Friday, Jan. 26, 2007
Hollywood Tapes and Testimony
By Richard Lacayo, Michael Riley/Los Angeles
Three years ago, the nation's most infamous child-molestation case erupted in the Los Angeles suburb of Manhattan Beach. Seven teachers and administrators at the prestigious McMartin Preschool would eventually be indicted on hundreds of counts of child sexual abuse. There were tales of drugs, bondage and the mutilation of animals.
As bizarre as the stories seemed, another chilling possibility was yet to be raised: that none of it had happened at all. In January, after an 18-month preliminary hearing that was the longest in California history, a judge ruled that the prosecution of the seven could go forward. But a week later District Attorney Ira Reiner dropped all charges against five of the defendants, calling the evidence against them "incredibly weak." The two remaining accused, Raymond Buckey, 28, and his mother, Peggy McMartin Buckey, 60, were to be tried last month. Now their day in court has been postponed and the case against them thrown into turmoil by the only element the tale seemed to lack, a touch of Hollywood.
In September Screenwriter-Producer Abby Mann (Judgment at Nuremberg, The Atlanta Child Murders) handed to the defense 30 hours of taped conversations involving himself, his wife Myra, and Glenn Stevens, a former member of the prosecution team who is working with the Manns on a book and a film about the case. Based on those tapes, the defense now asserts that the prosecution acted improperly by withholding important evidence, among other things. Lawyers for the Buckeys are asking to have all remaining charges dropped or, failing that, to have the D.A.'s office removed from the case. Meanwhile, Stevens, the man at the center of the upheaval, could face legal troubles of his own.
The 34-year-old lawyer left his job in the D.A.'s office last January, after leaking to the press that there was dissension on the prosecution team over the soundness of the case. The charges against the defendants are based mainly on interviews with the children and physical traces of sexual activity; no other substantial corroboration like pornographic photos, was uncovered. Under cross-examination during the hearing, the children's stories seemed to Stevens to unravel. He came to agree with the defense that an expert on child sex abuse had asked leading and suggestive questions during pretrial investigations. "They're contaminated kids," argues Stevens.
Soon after leaving his job, Stevens was approached by the Manns with a book- and-movie contract. They saw him as a leading character, they said, perhaps played by Robert Redford--an ambitious lawyer but one whose conscience would not let him use a tainted case to advance his career. During long hours at the Manns' home in Beverly Hills, Stevens spilled his thoughts into a tape recorder. That material, it was agreed, would be considered confidential until after the trial. But some of what Stevens was saying seemed as if it might help the defense.
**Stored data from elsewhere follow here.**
(* Let $P\ge 1$, $U\ge 0$ and $L$ be integers with $L\leq -\frac{U+1}{2}$, and let $B_{\mathrm{OFL}}:=(1-2^{-P})\,2^{U+1}$. Then for every real $\nu\geq 0$ and every real $z$ with $0<z\leq B_{\mathrm{OFL}}$, the exponentially scaled function satisfies $\tilde K_\nu(z)\geq 2^{L}$ (i.e. $\tilde K_\nu(z)$ does not underflow the smallest positive normal floating-point number $2^L$). *)

From Stdlib Require Import Reals.
From Coquelicot Require Import Coquelicot.
Open Scope R_scope.

(* Modified Bessel function of the second kind, for real order nu and z > 0,
   via the standard integral representation (DLMF 10.32.9):
     K_nu(z) = \int_0^oo exp(-z cosh t) cosh(nu t) dt. *)
Definition BesselK (nu z : R) : R :=
  RInt_gen (fun t => exp (- z * cosh t) * cosh (nu * t))
           (at_point 0) (Rbar_locally p_infty).

Definition BesselK_scaled (nu z : R) : R := exp z * BesselK nu z.

Definition B_OFL (P U : Z) : R :=
  (1 - powerRZ 2 (- P)) * powerRZ 2 (U + 1).

From Stdlib Require Import Reals Lra Lia Psatz.
From Coquelicot Require Import Coquelicot.
Import List.ListNotations.
Open Scope R_scope.

(* Write e^z K_nu(z) = \int_0^oo g_z(t) cosh(nu t) dt with
   g_z(t) = exp (-z (cosh t - 1)), a nonincreasing function of t >= 0.
   1. The improper integral exists (the integrand is nonnegative and dominated
      by C e^{-t}), so it bounds every partial integral \int_0^b from above.
   2. Since cosh(nu t) >= 1 and g_z is nonincreasing, every "right-endpoint"
      lower sum  sum_i (x_i - x_{i-1}) g_z(x_i)  over a grid 0 <= x_1 <= ...
      is below e^z K_nu(z).
   3. For z = 4 an explicit grid of 16 points (logarithms of rationals
      a_i in [1, 3]) gives a lower sum >= 1/2; the certificate replaces
      exp(-w) by the polynomial (1 - w/16)^16 so that it is checked by lra.
   4. Dilation: cosh(s y) - 1 <= s^2 (cosh y - 1) for 0 <= s <= 1, so if
      z s^2 <= 4 the grid dilated by s gives e^z K_nu(z) >= s/2.
      Taking s = 1 for z <= 4 and s = 2/sqrt z for z > 4 yields
      e^z K_nu(z) >= min(1/2, 1/sqrt z) >= 2^L, using z <= 2^(U+1). *)

Lemma exp_le_exp x y : x <= y -> exp x <= exp y.
Proof. intros [H | ->]; [left; apply exp_increasing, H | lra]. Qed.

Lemma cosh_sub1 u : cosh u - 1 = 2 * sinh (u / 2) ^ 2.
Proof.
  unfold cosh, sinh; rewrite !exp_Ropp.
  replace (exp u) with (exp (u / 2) * exp (u / 2))
    by (rewrite <- exp_plus; f_equal; lra).
  field; apply Rgt_not_eq, exp_pos.
Qed.

Lemma cosh_ge1 x : 1 <= cosh x.
Proof. assert (H := cosh_sub1 x); assert (H2 := pow2_ge_0 (sinh (x / 2))); lra. Qed.

Lemma sinh_le a b : a <= b -> sinh a <= sinh b.
Proof. intros [H | ->]; [left; apply sinh_lt, H | lra]. Qed.

Lemma sinh_nonneg v : 0 <= v -> 0 <= sinh v.
Proof. intros H; apply Rle_trans with (sinh 0); [rewrite sinh_0; lra | apply sinh_le, H]. Qed.

Lemma cosh_le a b : 0 <= a <= b -> cosh a <= cosh b.
Proof.
  intros Hab.
  assert (Ha := sinh_nonneg (a / 2) ltac:(lra)).
  assert (Hs : sinh (a / 2) ^ 2 <= sinh (b / 2) ^ 2)
    by (apply pow_incr; split; [lra | apply sinh_le; lra]).
  assert (E1 := cosh_sub1 a); assert (E2 := cosh_sub1 b); lra.
Qed.

(* Subhomogeneity of sinh on [0, oo): its derivative cosh is nondecreasing. *)
Lemma sinh_scale s x : 0 <= s <= 1 -> 0 <= x -> sinh (s * x) <= s * sinh x.
Proof.
  intros Hs Hx.
  set (G := fun t => s * sinh t - sinh (s * t)).
  assert (HD : forall t, is_derive G t (s * cosh t - s * cosh (s * t))).
  { intros t; unfold G, sinh, cosh; auto_derive; [auto | field]. }
  destruct (MVT_gen G 0 x (fun t => s * cosh t - s * cosh (s * t))) as [c [Hc E]].
  - intros t _; apply HD.
  - intros t _; apply continuity_pt_filterlim.
    apply (@ex_derive_continuous R_AbsRing R_NormedModule); eexists; apply HD.
  - rewrite Rmin_left, Rmax_right in Hc by lra.
    assert (cosh (s * c) <= cosh c) by (apply cosh_le; split; nra).
    unfold G in E; rewrite Rmult_0_r, sinh_0 in E.
    assert (0 <= s * (cosh c - cosh (s * c)) * (x - 0)) by (apply Rmult_le_pos; nra).
    lra.
Qed.

Lemma cosh_scale s y : 0 <= s <= 1 -> 0 <= y ->
  cosh (s * y) - 1 <= s ^ 2 * (cosh y - 1).
Proof.
  intros Hs Hy; rewrite !cosh_sub1.
  replace (s * y / 2) with (s * (y / 2)) by field.
  assert (H1 := sinh_scale s (y / 2) Hs ltac:(lra)).
  assert (H0 := sinh_nonneg (s * (y / 2)) ltac:(nra)).
  assert (sinh (s * (y / 2)) ^ 2 <= (s * sinh (y / 2)) ^ 2) by (apply pow_incr; lra).
  nra.
Qed.

Lemma cosh_ge_sq t : 0 <= t -> t ^ 2 / 8 <= cosh t.
Proof.
  intros Ht; unfold cosh.
  assert (E : exp t = exp (t / 2) * exp (t / 2)) by (rewrite <- exp_plus; f_equal; lra).
  assert (H1 := exp_ineq1_le (t / 2)); assert (H2 := exp_pos (- t)); nra.
Qed.

Definition bessel_integrand (nu z t : R) : R := exp (- z * cosh t) * cosh (nu * t).

Lemma bessel_integrand_ex_RInt nu z a b : ex_RInt (bessel_integrand nu z) a b.
Proof.
  apply (@ex_RInt_continuous R_CompleteNormedModule); intros x _.
  apply (@ex_derive_continuous R_AbsRing R_NormedModule).
  unfold bessel_integrand, cosh; auto_derive; auto.
Qed.

Lemma bessel_integrand_nonneg nu z t : 0 <= bessel_integrand nu z t.
Proof.
  unfold bessel_integrand.
  apply Rmult_le_pos; [left; apply exp_pos | assert (H := cosh_ge1 (nu * t)); lra].
Qed.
He mentioned strange conversations with the woman (her name has not been made public) who set the McMartin case in motion by complaining that her two-year-old son had been molested. In her talks with Stevens, he said, she claimed that she had been followed and that her dog had been sodomized. "I mean it's really beginning to be pathetic," Stevens says on the tapes, adding, "She had accused her husband of molesting the child." The woman, he concluded, was a "banana truck." Questions about the mental state of the boy's mother had also been raised by a letter mentioning witches and Satanism that she wrote to the D.A. in February 1984, a month before the seven defendants were indicted. Stevens claims to have been surprised when the Manns told him they had learned that the letter had not been made available to the defense. In criminal cases, evidence tending to support the innocence of the accused must be shown to his counsel.
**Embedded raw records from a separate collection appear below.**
(* Let $n\ge 5$, $q>5$, and let $u\in C^{6}(\mathbb{R}^{n})$, $u>0$, be a radially symmetric solution of $\Delta^{3}u=u^{-q}$ in $\mathbb{R}^{n}$ such that $\liminf_{|x|\to+\infty}u(x)/|x|\in(0,+\infty]$ and $\lim_{r\to+\infty}u''(r)=\rho\in\mathbb{R}$ exists. Then $\rho\ge 0$. If $\rho>0$, then $\lim_{|x|\to+\infty}u(x)/|x|^{2}=\rho/2$. If $\rho=0$, then $$\lim_{|x|\to+\infty}\frac{u(x)}{|x|}=-\frac{1}{n-1}\int_{0}^{+\infty}t^{2}\Big(\Delta^{2}\bar u(t)-\frac{n-3}{t}(\Delta\bar u)'(t)\Big)dt\in(0,+\infty).$$
   Context: $u(r)$ denotes $u(x)$ with $r=|x|$; $\bar u(r)$ is the spherical average of $u$ over $\partial B_r(0)$ (equal to $u(r)$ here), and $\Delta\bar u$, $\Delta^{2}\bar u$ are the radial Laplacians, $\Delta f(r)=r^{1-n}(r^{n-1}f'(r))'$. *)

From HB Require Import structures.
From mathcomp Require Import all_boot all_order all_algebra.
From mathcomp Require Import all_classical all_reals all_analysis.
Set Implicit Arguments. Unset Strict Implicit. Unset Printing Implicit Defensive.
Import Order.TTheory GRing.Theory Num.Theory.
Import numFieldNormedType.Exports.
Local Open Scope ring_scope.

Section Defs.
Variable R : realType.

Definition ebasis n (i : 'I_n) : 'rV[R]_n := \row_j (i == j)%:R.

(* first basis vector e_1 (= 0 if n = 0) *)
Definition e1 n : 'rV[R]_n := \row_j (nat_of_ord j == 0)%N%:R.

Definition enorm n (x : 'rV[R]_n) : R := Num.sqrt (\sum_i (x ord0 i) ^+ 2).

Definition partial n (i : 'I_n) (f : 'rV[R]_n -> R) : 'rV[R]_n -> R :=
  fun x => 'D_(ebasis i) f x.

Definition lap n (f : 'rV[R]_n -> R) : 'rV[R]_n -> R :=
  fun x => \sum_i partial i (partial i f) x.

Fixpoint Ck n (k : nat) (f : 'rV[R]_n -> R) : Prop :=
  match k with
  | 0%N => continuous f
  | k'.+1 => continuous f /\ (forall i x, derivable f x (ebasis i)) /\
             (forall i, Ck k' (partial i f))
  end.

Definition radlap (n : nat) (f : R -> R) : R -> R :=
  fun r => (r ^+ n.-1)^-1 * derive1 (fun s => s ^+ n.-1 * derive1 f s) r.

End Defs.

From HB Require Import structures.
From mathcomp Require Import all_boot all_order all_algebra.
From mathcomp Require Import all_classical all_reals all_analysis.
From mathcomp.algebra_tactics Require Import ring lra.
Import Order.TTheory GRing.Theory Num.Theory.
Import numFieldNormedType.Exports.
Local Open Scope ring_scope.
Local Open Scope classical_set_scope.

Set Implicit Arguments. Unset Strict Implicit.

(* Write P0 = u, P1 = Delta u, P2 = Delta^2 u and F = u^(-q) for the radial profiles and
   k = n - 1, so that (r^k P_i')' = r^k P_(i+1).  L'Hopital's rule turns u'' -> rho into
   u / r^2 -> rho / 2, and rho >= 0 since u grows at least linearly.
   When rho = 0, also P1 -> 0.  The flux r^k P2' increases (its derivative is r^k F > 0) and
   vanishes at the origin, so P2 increases; P2 <= 0 and P2 -> 0, for otherwise P1 would grow
   quadratically.  As F <= (c r)^(-q) with q > 5, the flux r^4 P2' converges, and L'Hopital's
   rule carries its limit down the chain r^3 P2, r^2 P1', r P1, P0', P0 / r.  Finally
   t^2 (P2 - (k - 2) / t P1') is the derivative of t^2 P1', which identifies the limit of
   r^2 P1' with the improper integral. *)

Section Calculus.
Variable R : realType.
Implicit Types (f g : R -> R) (x a L : R).

Definition has_derive1 f x d := derivable f x 1 /\ derive1 f x = d.

Lemma derivable_has_derive1 f x : derivable f x 1 -> has_derive1 f x (derive1 f x).
Proof. by []. Qed.

Lemma has_derive1D f g x a b : has_derive1 f x a -> has_derive1 g x b ->
  has_derive1 (fun t => f t + g t) x (a + b).
Proof.
move=> [df <-] [dg <-]; split; first exact: derivableD.
by rewrite !derive1E deriveD.
Qed.

Lemma has_derive1N f x a : has_derive1 f x a -> has_derive1 (fun t => - f t) x (- a).
Proof.
move=> [df <-]; split; first exact: derivableN.
by rewrite !derive1E deriveN.
Qed.

Lemma has_derive1B f g x a b : has_derive1 f x a -> has_derive1 g x b ->
  has_derive1 (fun t => f t - g t) x (a - b).
Proof. by move=> hf hg; apply: has_derive1D hf (has_derive1N hg). Qed.

Lemma has_derive1M f g x a b : has_derive1 f x a -> has_derive1 g x b ->
  has_derive1 (fun t => f t * g t) x (a * g x + f x * b).
Proof.
move=> [df <-] [dg <-]; split; first exact: derivableM.
by rewrite !derive1E deriveM // /GRing.scale /=; ring.
Qed.

Lemma has_derive1_cst c x : has_derive1 (fun=> c) x 0.
Proof. split; [exact: derivable_cst | exact: derive1_cst]. Qed.

Lemma has_derive1_id x : has_derive1 id x 1.
Proof. split; [exact: derivable_id | by rewrite derive1E derive_id]. Qed.

Lemma has_derive1Ml c f x a : has_derive1 f x a ->
  has_derive1 (fun t => c * f t) x (c * a).
Proof. by move=> /(has_derive1M (has_derive1_cst c x)); rewrite mul0r add0r. Qed.

Lemma has_derive1_comp f g x a b : has_derive1 f x a -> has_derive1 g (f x) b ->
  has_derive1 (fun t => g (f t)) x (b * a).
Proof.
move=> [df <-] [dg <-]; split; last by rewrite (derive1_comp df dg).
by apply/derivable1_diffP/differentiable_comp; exact/derivable1_diffP.
Qed.

Lemma has_derive1V f x a : f x != 0 -> has_derive1 f x a ->
  has_derive1 (fun t => (f t)^-1) x (- a / f x ^+ 2).
Proof.
move=> fx0 [df <-]; split; first exact: derivableV.
by rewrite !derive1E deriveV // /GRing.scale /=; ring.
Qed.

Lemma has_derive1X k x : has_derive1 (fun t => t ^+ k) x (k%:R * x ^+ k.-1).
Proof. by split; [exact: exprn_derivable | rewrite exp_derive1]. Qed.

Lemma has_derive1_sqrt x : 0 < x -> has_derive1 Num.sqrt x (2 * Num.sqrt x)^-1.
Proof.
by move=> /is_derive1_sqrt h; split; [exact: ex_derive | rewrite derive1E derive_val].
Qed.

Lemma has_derive1_powR a x : 0 < x ->
  has_derive1 (fun t => t `^ a) x (a * x `^ (a - 1)).
Proof.
by move=> /(is_derive1_powR a) h; split; [exact: ex_derive | rewrite derive1E derive_val].
Qed.

Lemma has_derive1_near f g x d : {near x, f =1 g} ->
  has_derive1 f x d -> has_derive1 g x d.
Proof.
move=> fg [df <-]; split; first exact: near_eq_derivable df.
by rewrite !derive1E (near_eq_derive _ fg).
Qed.

Lemma derive1_near f g x : {near x, f =1 g} -> derive1 f x = derive1 g x.
Proof. by move=> fg; rewrite !derive1E; apply: near_eq_derive. Qed.

Lemma derive1_ge0_le f a : (forall x, a < x -> derivable f x 1) ->
  (forall x, a < x -> 0 <= derive1 f x) -> forall x y, a < x -> x <= y -> f x <= f y.
Proof.
move=> df d0 x y ax xy.
apply: (@ger0_derive1_ndecr R f x y) => //.
- by move=> z; rewrite in_itv /= => /andP[xz _]; apply/df/(lt_trans ax).
- by move=> z; rewrite in_itv /= => /andP[xz _]; apply/d0/(lt_trans ax).
- apply: derivable_within_continuous => z; rewrite in_itv /= => /andP[xz _].
  exact/df/(lt_le_trans ax).
Qed.

Lemma derive1_gt0_lt f a : (forall x, a < x -> derivable f x 1) ->
  (forall x, a < x -> 0 < derive1 f x) -> forall x y, a < x -> x < y -> f x < f y.
Proof.
move=> df d0 x y ax xy.
apply: (@gtr0_derive1_lt_cc R f x y) => //.
- by move=> z; rewrite in_itv /= => /andP[xz _]; apply/df/(lt_trans ax).
- by move=> z; rewrite in_itv /= => /andP[xz _]; apply/d0/(lt_trans ax).
- apply: derivable_within_continuous => z; rewrite in_itv /= => /andP[xz _].
  exact/df/(lt_le_trans ax).
- by rewrite in_itv /= lexx ltW.
- by rewrite in_itv /= lexx ltW.
Qed.

Definition tends_to f L :=
  forall e, 0 < e -> exists M, forall r, M < r -> `|f r - L| < e.

Definition tends_to_pinfty f := forall B, exists M, forall r, M < r -> B < f r.

Lemma tends_toE f L : tends_to f L <-> f r @[r --> +oo] --> L.
Proof.
split => [h|/cvgrPdist_lt h e /h[M [_ hM]]]; last first.
  by exists M => r /hM; rewrite distrC.
apply/cvgrPdist_lt => e /h[M hM]; exists M; split; first exact: num_real.
by move=> r /hM; rewrite distrC.
Qed.

Lemma tends_to_eq f g L a : (forall r, a < r -> f r = g r) ->
  tends_to f L -> tends_to g L.
Proof.
move=> fg h e /h[M hM]; exists (Num.max M a) => r.
by rewrite gt_max => /andP[/hM + ar]; rewrite fg.
Qed.

Lemma tends_toD f g a b : tends_to f a -> tends_to g b ->
  tends_to (fun r => f r + g r) (a + b).
Proof. by move=> /tends_toE hf /tends_toE hg; apply/tends_toE; apply: cvgD. Qed.

Lemma tends_toM f g a b : tends_to f a -> tends_to g b ->
  tends_to (fun r => f r * g r) (a * b).
Proof. by move=> /tends_toE hf /tends_toE hg; apply/tends_toE; apply: cvgM. Qed.

Lemma tends_to_cst c : tends_to (fun=> c) c.
Proof. by move=> e e0; exists 0 => r _; rewrite subrr normr0. Qed.

Lemma tends_toMl c f a : tends_to f a -> tends_to (fun r => c * f r) (c * a).
Proof. exact/tends_toM/tends_to_cst. Qed.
In early September, after being advised by their lawyers that they might be withholding vital information, the Manns turned over the tapes to the defense without clearing their action with Stevens. Later they gave them to the state attorney general's office. "We had no choice," says Mann. News of the tapes distressed parents of the 13 children involved in the case. A lawyer for the families has asked the state attorney general to investigate whether Stevens violated a state law that bars a prosecutor from assisting in the defense of a case in which he had been involved. Others question whether he improperly used confidential information gained while working in the D.A.'s office. For its part, the prosecution claims that Stevens, motivated by money, has lied about his role in the case. They say he himself was responsible for the handling of the letter in question, and that no one else in the office knew about it until after he left his job, when it was found in his files. Stevens counters that the letter should have been turned over before he joined the prosecution team in April 1984.
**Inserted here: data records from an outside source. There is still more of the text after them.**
Lemma berezin_mono_mul_pairs (S : {set gen}) (B : {set V}) :
  {in S, forall x, x.1 != i} -> i \in B ->
  berezin i (gmul (mono S) (mono (pairs B))) = gmul (mono S) (mono (pairs (B :\ i))).
Proof.
move=> Si iB; rewrite !gmul_mono linearZZ /= berezin_mono msign_pairs_setD1r //.
have -> : pairs [set i] \subset S :|: pairs B.
  by apply/subsetP => x; rewrite !inE => /eqP ->; rewrite iB orbT.
congr (_ *: mono _); apply/setP => x; rewrite !inE.
have [xS | xS] := boolP (x \in S); last by rewrite andbC.
by rewrite (negPf (Si x xS)).
Qed.

Lemma berezin_cross_term (A : {set V}) (j k : V) : i \in A -> j != i -> k != i ->
  berezin i (cross_term A j k) = cross_term (A :\ i) j k.
Proof.
move=> iA ji ki; rewrite /cross_term !tau_mono [gmul (psibar j) _]gmul_mono !gmulZl.
rewrite linearZZ /= berezin_mono_mul_pairs.
- by congr (_ *: gmul _ (mono (pairs _))); apply/setP => v; rewrite !inE; bool_congr.
- by move=> x; rewrite !inE => /orP[] /eqP -> /=.
- by rewrite !inE iA [i == j]eq_sym [i == k]eq_sym ji ki.
Qed.

Lemma berezin_cross_term_at (A : {set V}) (j k : V) : k != j -> (j == i) || (k == i) ->
  berezin i (cross_term A j k) = 0.
Proof.
move=> kj jki; have [c ->] := cross_term_mono A j k.
rewrite linearZZ /= berezin_mono; case: ifP => [|_]; last by rewrite scaler0.
move/subsetP => iS; case/orP: jki => /eqP eqi; rewrite -eqi in iS kj.
  by have := iS (j, false); rewrite !inE /= !xpair_eqE !eqxx /= [j == k]eq_sym (negPf kj) /= => /(_ isT).
by have := iS (k, true); rewrite !inE /= !xpair_eqE !eqxx (negPf kj) /= => /(_ isT).
Qed.

Lemma subst0_cross_term (A : {set V}) (j k : V) :
  subst0 (cross_term A j k) = if [|| i \in A, j == i | k == i] then 0 else cross_term A j k.
Proof.
have [c ->] := cross_term_mono A j k; rewrite linearZZ /= subst0_mono !inE /= !xpair_eqE.
rewrite !andbT !andbF /= !orbF [i == j]eq_sym [i == k]eq_sym.
by case: (j =P i); case: (k =P i); case: (i \in A); rewrite /= ?scaler0.
Qed.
Despite Stevens' charges, D.A. Reiner maintains, "there is strong, compelling evidence that the two are guilty." Whether Buckey and his mother will benefit from the disclosures is still to be decided. The personal costs of the McMartin case, however, have already been high. Raymond Buckey, who has been in jail for 33 months without bail, said on 60 Minutes last month that the sexual-abuse scandal had already ruined his life and that of his family. "They've burned a scarlet letter on me that I can never get rid of," he said. The McMartin parents must endure the dark question of whether their children have been grievously misused by abusive teachers or overeager prosecutors. "Who's going to survive McMartin?" Stevens glumly inquires. "Who's going to come out unscathed? Nobody." Perhaps the film will do well.